Similar issue https://github.com/tensorflow/addons/issues/2672

yang-stressfree commented 2 years ago

Test with:

tensorflow==2.8.0
tensorflow-addons==0.16.1

get the same error 😢

yang-stressfree commented 2 years ago

I figure out why this error occur when try to save the model with tf.saved_model.save or model.save:

    def call(self, inputs, training=None, mask=None):
        batch_seq_encoded, batch_seq_labeled = inputs
        # ...
        self.dec_attention.setup_memory(batch_seq_encoded)

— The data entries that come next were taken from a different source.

Lemma coef_scaleX_add1_exp (R : nzRingType) (c : R) n j :
  ((c *: 'X + 1) ^+ n)`_j = c ^+ j * 'C(n, j)%:R.
Proof.
elim: n j => [|n IH] j; first by rewrite expr0 coef1 bin0n; case: j => [|j]; rewrite ?mulr1 ?mulr0.
rewrite exprS mulrDl mul1r -scalerAl coefD coefZ coefXM.
case: j => [|j] /=; first by rewrite mulr0 add0r IH !bin0 expr0.
by rewrite !IH binS natrD exprS mulrDr addrC !mulrA.
Qed.

Section EulerBinomialSums.
Variable R : numDomainType.

Definition euler_weight (N k : nat) : R := (~~ odd k)%:R * 2 ^+ k * (euler (N - k))%:~R.

Definition euler_binsum (N a : nat) : R := \sum_(k < N.+1) 'C(a, k)%:R * euler_weight N k.

Lemma euler_binsum_complement N b : (b <= N)%N -> ~~ odd N ->
  euler_binsum N (N - b) + euler_binsum N b = 2 * (-1) ^+ b.
Proof.
move=> bN evenN.
pose a : {poly R} := 1 *: 'X + 1; pose a' : {poly R} := (-1) *: 'X + 1.
have binN : 'C(N, b)%:R != 0 :> R by rewrite pnatr_eq0 -lt0n bin_gt0.
apply: (mulfI binN).
have summand k : (cosh_seq (a + a') k + cosh_seq (a - a') k) * sech_seq a (N - k) =
              (euler_weight N k)%:P * ((1 + 'X^k) * a ^+ (N - k)).
  have -> : a + a' = 2%:P by rewrite /a /a' scale1r scaleN1r polyC_natr; ring.
  have -> : a - a' = 2%:P * 'X by rewrite /a /a' scale1r scaleN1r polyC_natr; ring.
  rewrite /cosh_seq /sech_seq /euler_weight exprMn -!polyC_exp !polyCM polyC_natr.
  rewrite -[((euler _)%:~R)%:P]/(((euler _)%:~R : R)%:P) rmorph_int.
  ring.
have := congr1 (coefp b) (@binconv_sech_cosh_addsub _ a a' N).
rewrite binconvC /binconv !linear_sum /=.
under eq_bigr do rewrite summand.
rewrite /cosh_seq evenN mul1r mulr_natl coefMn coef_scaleX_add1_exp => E.
rewrite [RHS](_ : _ = (-1) ^+ b * 'C(N, b)%:R *+ 2); last by rewrite -mulr_natl; ring.
rewrite -E.
rewrite /euler_binsum -big_split mulr_sumr /=; apply: eq_bigr => k _.
rewrite coefMn coefCM mulrDl mul1r coefD coefXnM !coef_scaleX_add1_exp expr1n.
have := congr1 (GRing.natmul (1 : R)) (bin_mul_bin_split N k b).
rewrite !natrM !natrD => bin_split.
rewrite -mulrDl mulrA -bin_split -mulr_natl expr1n.
by case: ltnP => _ /=; rewrite ?mul1r; ring.
Qed.
End EulerBinomialSums.

Arguments euler_weight {R}.
Arguments euler_binsum {R}.

Definition splits {X : finType} (C S : {set X}) : bool :=
  (C :&: S != set0) && (C :&: ~: S != set0).

Section SplitSums.
Variables (R : numDomainType) (X : finType).
Implicit Types (A B D S : {set X}) (P Q : pred {set X}).

Lemma big_mulr_bool P Q (F : {set X} -> R) :
  \sum_(B : {set X} | P B) F B * (Q B)%:R = \sum_(B : {set X} | P B && Q B) F B.
Proof. by rewrite big_mkcondr; apply: eq_bigr => B _; rewrite mulr_natr mulrb. Qed.

Lemma sum_subset_card D (f : nat -> R) m : (#|D| <= m)%N ->
  \sum_(B : {set X} | B \subset D) f #|B| = \sum_(k < m.+1) 'C(#|D|, k)%:R * f k.
Proof.
move=> Dm.
transitivity (\sum_(B : {set X} | B \subset D) \sum_(k < m.+1) f k * (#|B| == k)%:R).
  apply: eq_bigr => B BD.
  have Bm : (#|B| < m.+1)%N by rewrite ltnS (leq_trans (subset_leq_card BD)).
  rewrite (bigD1 (Ordinal Bm)) //= eqxx mulr1 big1 ?addr0 // => k.
  case: (#|B| =P k) => [Bk kB|_ _]; last by rewrite mulr0.
  by case/eqP: kB; apply: val_inj; rewrite /= Bk.
rewrite exchange_big /=; apply: eq_bigr => k _.
rewrite -mulr_sumr mulrC; congr (_ * _).
rewrite -cards_draws -sum1_card natr_sum big_mkcond [RHS]big_mkcond /=.
by apply: eq_bigr => B _; rewrite inE; case: (_ \subset _); case: (_ == _).
Qed.

Lemma splits_indicator B S :
  (splits B S)%:R =
  (B \subset setT)%:R - (B \subset ~: S)%:R - (B \subset S)%:R + (B \subset set0)%:R :> R.
Proof.
rewrite /splits !setI_eq0 !disjoints_subset setCK subsetT.
have -> : (B \subset set0) = (B \subset ~: S) && (B \subset S).
  by rewrite -subsetI setIC setICr.
by case: (B \subset ~: S); case: (B \subset S) => /=; ring.
Qed.

Lemma euler_sum_splits A S : ~~ odd #|A| ->
  \sum_(B : {set X} | (B \subset A) && ~~ odd #|B|)
     2 ^+ #|B| * (euler (#|A| - #|B|))%:~R * (splits B S)%:R
  = 4 * (odd #|A :&: S|)%:R :> R.
Proof.
move=> evenA.
have sum_below (T : {set X}) : \sum_(B : {set X} | (B \subset A) && ~~ odd #|B|)
      2 ^+ #|B| * (euler (#|A| - #|B|))%:~R * (B \subset T)%:R = euler_binsum #|A| #|A :&: T| :> R.
  rewrite big_mulr_bool.
  rewrite (eq_bigl (fun B => (B \subset A :&: T) && ~~ odd #|B|)); last first.
    by move=> B; rewrite subsetI andbAC.
  rewrite -big_mulr_bool /euler_binsum -(@sum_subset_card _ (euler_weight #|A|)); last first.
    by rewrite subset_leq_card ?subsetIl.
  by apply: eq_bigr => B _; rewrite /euler_weight; ring.
under eq_bigr do rewrite splits_indicator !mulrDr !mulrN.
rewrite !big_split !sumrN /= !sum_below setIT setI0 cards0.
have cardAS : #|A :&: ~: S| = (#|A| - #|A :&: S|)%N by rewrite -(cardsID S A) setDE addKn.
have E0 := @euler_binsum_complement R #|A| 0 (leq0n _) evenA.
have := @euler_binsum_complement R #|A| #|A :&: S| (subset_leq_card (subsetIl _ _)) evenA.
rewrite subn0 in E0; rewrite cardAS -signr_odd => Ea.
have -> (x y z t : R) : x - y - z + t = (x + t) - (y + z) by ring.
by rewrite E0 Ea; case: (odd _); rewrite /=; ring.
Qed.

Lemma euler_sum_splits_weighted (I : finType) (P : pred I) (c : I -> R)
    (S : I -> {set X}) A : ~~ odd #|A| ->
  \sum_(B : {set X} | (B \subset A) && ~~ odd #|B|)
     2 ^+ #|B| * (euler (#|A| - #|B|))%:~R * (\sum_(i | P i) c i * (splits B (S i))%:R)
  = 4 * \sum_(i | P i) c i * (odd #|A :&: S i|)%:R.
Proof.
move=> evenA; under eq_bigr do rewrite mulr_sumr.
rewrite exchange_big mulr_sumr; apply: eq_bigr => i _.
rewrite mulrCA -euler_sum_splits // mulr_sumr; apply: eq_bigr => B _; ring.
Qed.
(* Approximating [q + d z^D], with [D] above the degrees of [q] and of the
   first [K] terms, in the seminorm [pi + |coefficient D|] forces [K <= k]. *)
Lemma dense_all_seminorms_tail q e K : P0 q -> 0 < e ->
  exists k, (K <= k)%N /\ pi (q - pk k) < e.
Proof.
move=> Pq e_gt0; set D := (\max_(j < K) size (pk j) + size q).+1%N.
have pk_coefD j : (j < K)%N -> (pk j)`_D = 0.
  move=> jK; apply: nth_default; apply: leq_trans (leqW (leq_addr _ _)).
  exact: (@leq_bigmax _ (fun i : 'I_K => size (pk i)) (Ordinal jK)).
have q_coefD : q`_D = 0 by apply: nth_default; rewrite leqW ?leq_addl.
have PXD : P0 ('X^D : {poly R[i]}) by exact: P0Xn.
have XD_ge0 := seminorm_ge0 pi_seminorm PXD.
set d := e / (pi 'X^D + 1).
have d_gt0 : 0 < d by rewrite divr_gt0 // ltr_pwDr.
have Pq' : P0 (q + d%:C *: 'X^D) by exact/P0D/P0Z.
have [k] := pk_dense (seminormP0_add_coef D) Pq' d_gt0.
rewrite coefB coefD coefZ coefXn eqxx mulr1 q_coefD add0r => hk.
have Pk := P0_pk k.
exists k; split.
  rewrite leqNgt; apply/negP => kK; move: hk.
  by rewrite pk_coefD // subr0 ger0_normc ?ltW // gtrDr ltNge seminorm_ge0 //; exact/P0B.
apply: le_lt_trans (seminormB_le pi_seminorm Pq Pq' Pk) _.
rewrite opprD addNKr (seminormN pi_seminorm) ?(seminormZ pi_seminorm) //;
  last exact: P0Z.
rewrite ger0_normc ?ltW //.
have -> : e = d * pi 'X^D + d.
  by rewrite /d -[X in _ + X]mulr1 -mulrDr divfK // gt_eqF // ltr_pwDr.
by rewrite ltrD2l (le_lt_trans _ hk) // lerDl normc_ge0.
Qed.
(* Let $\mathcal X,\mathcal U$ be finite nonempty sets, $f:\mathcal X\times\mathcal U\to\mathcal X$ and $\ell,g:\mathcal X\to\mathbb R$. Let $V_{\mathrm A}^*(x)=\max_{\pi\in\Pi}\min_{\tau\in\mathbb N}g(\xi_x^\pi(\tau))$ and $\tilde\ell(x)=\min\{\ell(x),V_{\mathrm A}^*(x)\}$. Then for all $x\in\mathcal X$, $$\max_{\pi\in\Pi}\max_{\tau\in\mathbb N}\min\Big\{\tilde\ell(\xi_x^\pi(\tau)),\min_{\kappa\le\tau}g(\xi_x^\pi(\kappa))\Big\}=\max_{\mathbf u\in\mathbb U}\max_{\tau\in\mathbb N}\min\Big\{\tilde\ell(\xi_x^{\mathbf u}(\tau)),\min_{\kappa\le\tau}g(\xi_x^{\mathbf u}(\kappa))\Big\}.$$
   Context: $\mathbb N=\{0,1,\dots\}$; $\Pi$ is the set of maps $\mathcal X\to\mathcal U$; $\mathbb U$ is the set of sequences $\mathbb N\to\mathcal U$. For $\pi\in\Pi$: $\xi_x^\pi(0)=x$, $\xi_x^\pi(t+1)=f(\xi_x^\pi(t),\pi(\xi_x^\pi(t)))$. For $\mathbf u\in\mathbb U$: $\xi_x^{\mathbf u}(0)=x$, $\xi_x^{\mathbf u}(t+1)=f(\xi_x^{\mathbf u}(t),\mathbf u(t))$. *)

From HB Require Import structures.
From mathcomp Require Import all_boot all_order all_algebra.
From mathcomp Require Import all_classical all_reals.
Set Implicit Arguments. Unset Strict Implicit. Unset Printing Implicit Defensive.
Import Order.TTheory GRing.Theory Num.Theory.
Local Open Scope ring_scope.
Local Open Scope classical_set_scope.

Fixpoint traj_pol (X U : Type) (f : X -> U -> X) (pi : X -> U) (x : X) (t : nat) : X :=
  match t with
  | 0 => x
  | t'.+1 => let y := traj_pol f pi x t' in f y (pi y)
  end.

Fixpoint traj_seq (X U : Type) (f : X -> U -> X) (u : nat -> U) (x : X) (t : nat) : X :=
  match t with
  | 0 => x
  | t'.+1 => f (traj_seq f u x t') (u t')
  end.

Definition min_upto (X : Type) (R : realType) (g : X -> R) (xi : nat -> X) (tau : nat) : R :=
  \big[Num.min/g (xi 0%N)]_(k < tau.+1) g (xi k).

(* V_A^*(x) = max_pi min_tau g(xi_x^pi(tau)) (sup/inf; attained since all sets are finite). *)
Definition VA (X U : Type) (R : realType) (f : X -> U -> X) (g : X -> R) (x : X) : R :=
  sup [set inf [set g (traj_pol f pi x t) | t in [set: nat]] | pi in [set: X -> U]].

Definition ltilde (X U : Type) (R : realType) (f : X -> U -> X) (l g : X -> R) (x : X) : R :=
  Num.min (l x) (VA f g x).

Definition reach_avoid_val (X U : Type) (R : realType) (f : X -> U -> X) (l g : X -> R)
  (xi : nat -> X) : R :=
  sup [set Num.min (ltilde f l g (xi t)) (min_upto g xi t) | t in [set: nat]].

From HB Require Import structures.
From mathcomp Require Import all_boot all_order all_algebra.
From mathcomp Require Import all_classical all_reals.
Import Order.TTheory GRing.Theory Num.Theory.
Local Open Scope ring_scope.
Local Open Scope classical_set_scope.
Set Implicit Arguments. Unset Strict Implicit.

(* Closed-loop trajectories are open-loop ones, so feedback can only lose.
   Conversely, fix a control sequence u and a time t, and let the feedback
   policy play, in state z, the control u used at the LAST time j < t at which
   the open-loop trajectory visited z.  From z = xi^u(m) it moves to
   xi^u(j+1) with j >= m, so it runs along xi^u with loops cut out: it reaches
   xi^u(t) within t steps and only visits states among xi^u(0), ..., xi^u(t).
   Its reach-avoid value at that hitting time therefore dominates the term of
   u at time t. *)

Lemma traj_pol_traj_seq (X U : Type) (f : X -> U -> X) (pi : X -> U) (x : X) :
  traj_pol f pi x = traj_seq f (fun t => pi (traj_pol f pi x t)) x.
Proof. by apply: funext; elim=> //= t ->. Qed.

Section Shortcut.
Variables (X : eqType) (U : Type) (f : X -> U -> X).

(* Junk value 0 when [z] is not visited before time [t]. *)
Definition last_visit (s : nat -> X) (t : nat) (z : X) : nat :=
  (\max_(j < t | s j == z) j)%N.

Lemma last_visitP (s : nat -> X) t m : (m < t)%N ->
  [/\ m <= last_visit s t (s m), last_visit s t (s m) < t
    & s (last_visit s t (s m)) = s m]%N.
Proof.
move=> mt; rewrite /last_visit (bigop.bigmax_eq_arg (Ordinal mt)) //=.
case: arg_maxnP => //= j /eqP sj jmax.
by split=> //; exact: (jmax (Ordinal mt)).
Qed.

Definition shortcut_policy (u : nat -> U) (t : nat) (x : X) : X -> U :=
  fun z => u (last_visit (traj_seq f u x) t z).

Variables (u : nat -> U) (t : nat) (x : X).
Local Notation s := (traj_seq f u x).
Local Notation p := (traj_pol f (shortcut_policy u t x) x).

Lemma shortcut_tracks k : (forall i, (i < k)%N -> p i != s t) ->
  exists2 m, (k <= m <= t)%N & p k = s m.
Proof.
elim: k => [|k IHk] before_hit; first by exists 0%N.
have [m /andP[km mt] pk] := IHk (fun i ik => before_hit i (ltnW ik)).
have {}mt : (m < t)%N.
  rewrite ltn_neqAle mt andbT; apply: contra (before_hit k (ltnSn k)).
  by rewrite pk => /eqP ->.
have [mj jt sj] := last_visitP s mt.
exists (last_visit s t (s m)).+1; first by rewrite jt ltnS (leq_trans km mj).
by rewrite /= pk /shortcut_policy -{1}sj.
Qed.

Lemma shortcut_reaches : exists k, p k = s t /\
  forall i, (i <= k)%N -> exists2 j, (j <= t)%N & p i = s j.
Proof.
have hits : exists k, p k == s t.
  case: (boolP [exists i : 'I_t.+1, p i == s t]) => [/existsP[i hit]|/existsPn miss].
    by exists i.
  have [m /andP[tm mt] _] := @shortcut_tracks t.+1 (fun i it => miss (Ordinal it)).
  by move: (leq_trans tm mt); rewrite ltnn.
have [k /eqP pk kmin] := ex_minnP hits.
exists k; split=> // i; rewrite leq_eqVlt => /predU1P[->|ik]; first by exists t.
have before_hit j : (j < i)%N -> p j != s t.
  by move=> ji; apply/negP => /kmin; rewrite leqNgt (ltn_trans ji ik).
by have [m /andP[_ mt] ->] := shortcut_tracks before_hit; exists m.
Qed.
End Shortcut.

Section Values.
Variables (R : realType) (X U : Type) (f : X -> U -> X) (l g : X -> R).
Local Notation stage xi t := (Num.min (ltilde f l g (xi t)) (min_upto g xi t)).

Lemma min_upto_le (xi : nat -> X) t k : (k <= t)%N -> min_upto g xi t <= g (xi k).
Proof.
by move=> kt; exact: (bigmin_le _ (Ordinal (kt : (k < t.+1)%N)) (fun i : 'I_t.+1 => g (xi i))).
Qed.

Lemma min_upto_le_visited (xi xi' : nat -> X) t k :
    (forall i, (i <= k)%N -> exists2 j, (j <= t)%N & xi' i = xi j) ->
  min_upto g xi t <= min_upto g xi' k.
Proof.
move=> visited; have visited_le i : (i <= k)%N -> min_upto g xi t <= g (xi' i).
  by move=> /visited[j jt ->]; exact: min_upto_le.
rewrite [M in _ <= M]/min_upto; apply: le_bigmin; first exact: visited_le.
by move=> i _; exact: visited_le (ltn_ord i).
Qed.

Lemma stage_le_visited (xi xi' : nat -> X) t k : xi' k = xi t ->
    (forall i, (i <= k)%N -> exists2 j, (j <= t)%N & xi' i = xi j) ->
  stage xi t <= stage xi' k.
Proof.
move=> hit visited; rewrite hit le_min ge_min lexx /=.
by rewrite ge_min (min_upto_le_visited visited) orbT.
Qed.

Lemma stages_ub (xi : nat -> X) :
  ubound [set stage xi t | t in [set: nat]] (g (xi 0%N)).
Proof. by move=> _ [t _ <-]; rewrite ge_min (min_upto_le _ (leq0n t)) orbT. Qed.

Lemma reach_avoid_val_le_g (xi : nat -> X) : reach_avoid_val f l g xi <= g (xi 0%N).
Proof. by apply: ge_sup; [exists (stage xi 0%N), 0%N | exact: stages_ub]. Qed.

Lemma stage_le_reach_avoid_val (xi : nat -> X) t : stage xi t <= reach_avoid_val f l g xi.
Proof. by apply: ub_le_sup; [exists (g (xi 0%N)); exact: stages_ub | exists t]. Qed.
End Values.

Theorem mainTheorem6 (R : realType) (X U : finType) (x0 : X) (u0 : U)
  (f : X -> U -> X) (l g : X -> R) (x : X) :
  sup [set reach_avoid_val f l g (traj_pol f pi x) | pi in [set: X -> U]] =
  sup [set reach_avoid_val f l g (traj_seq f u x) | u in [set: nat -> U]].
Proof.
set P := [set _ | pi in _]; set S := [set _ | u in _].
have ubP : ubound P (g x) by move=> _ [pi _ <-]; exact: reach_avoid_val_le_g.
have ubS : ubound S (g x) by move=> _ [u _ <-]; exact: reach_avoid_val_le_g.
apply/le_anti/andP; split.
- apply: ge_sup => [|_ [pi _ <-]].
    by exists (reach_avoid_val f l g (traj_pol f (fun=> u0) x)), (fun=> u0).
  apply: ub_le_sup; first by exists (g x).
  by exists (fun t => pi (traj_pol f pi x t)); rewrite // -traj_pol_traj_seq.
- apply: ge_sup => [|_ [u _ <-]].
    by exists (reach_avoid_val f l g (traj_seq f (fun=> u0) x)), (fun=> u0).
  apply: ge_sup => [|_ [t _ <-]].
    by exists (Num.min (ltilde f l g x) (min_upto g (traj_seq f u x) 0)), 0%N.
  have [k [hit visited]] := shortcut_reaches f u t x.
  apply: le_trans (stage_le_visited f l g hit visited) _.
  apply: le_trans (stage_le_reach_avoid_val f l g _ k) _.
  by apply: ub_le_sup; [exists (g x) | exists (shortcut_policy f u t x)].
Qed.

actually the error explain itself:

ValueError: Unable to save function b'__inference_tiny_demo_model_layer_call_fn_6516' because it captures graph tensor Tensor("BahdanauAttention/strided_slice:0", shape=(), dtype=int32) from a parent function which cannot be converted to a constant with tf.get_static_value.

Because tf.saved_model.save try to convert batch_seq_encoded which is a dynamic value as memory of attention mechanism to a static value.

For anyone want to export model by tf.saved_model.save, DO NOT implement attention mechanism with tfa.seq2seq.BahdanauAttention and tfa.seq2seq.AttentionWrapper.

As a beginner, https://www.tensorflow.org/text/tutorials/nmt_with_attention is a workable and portable solution.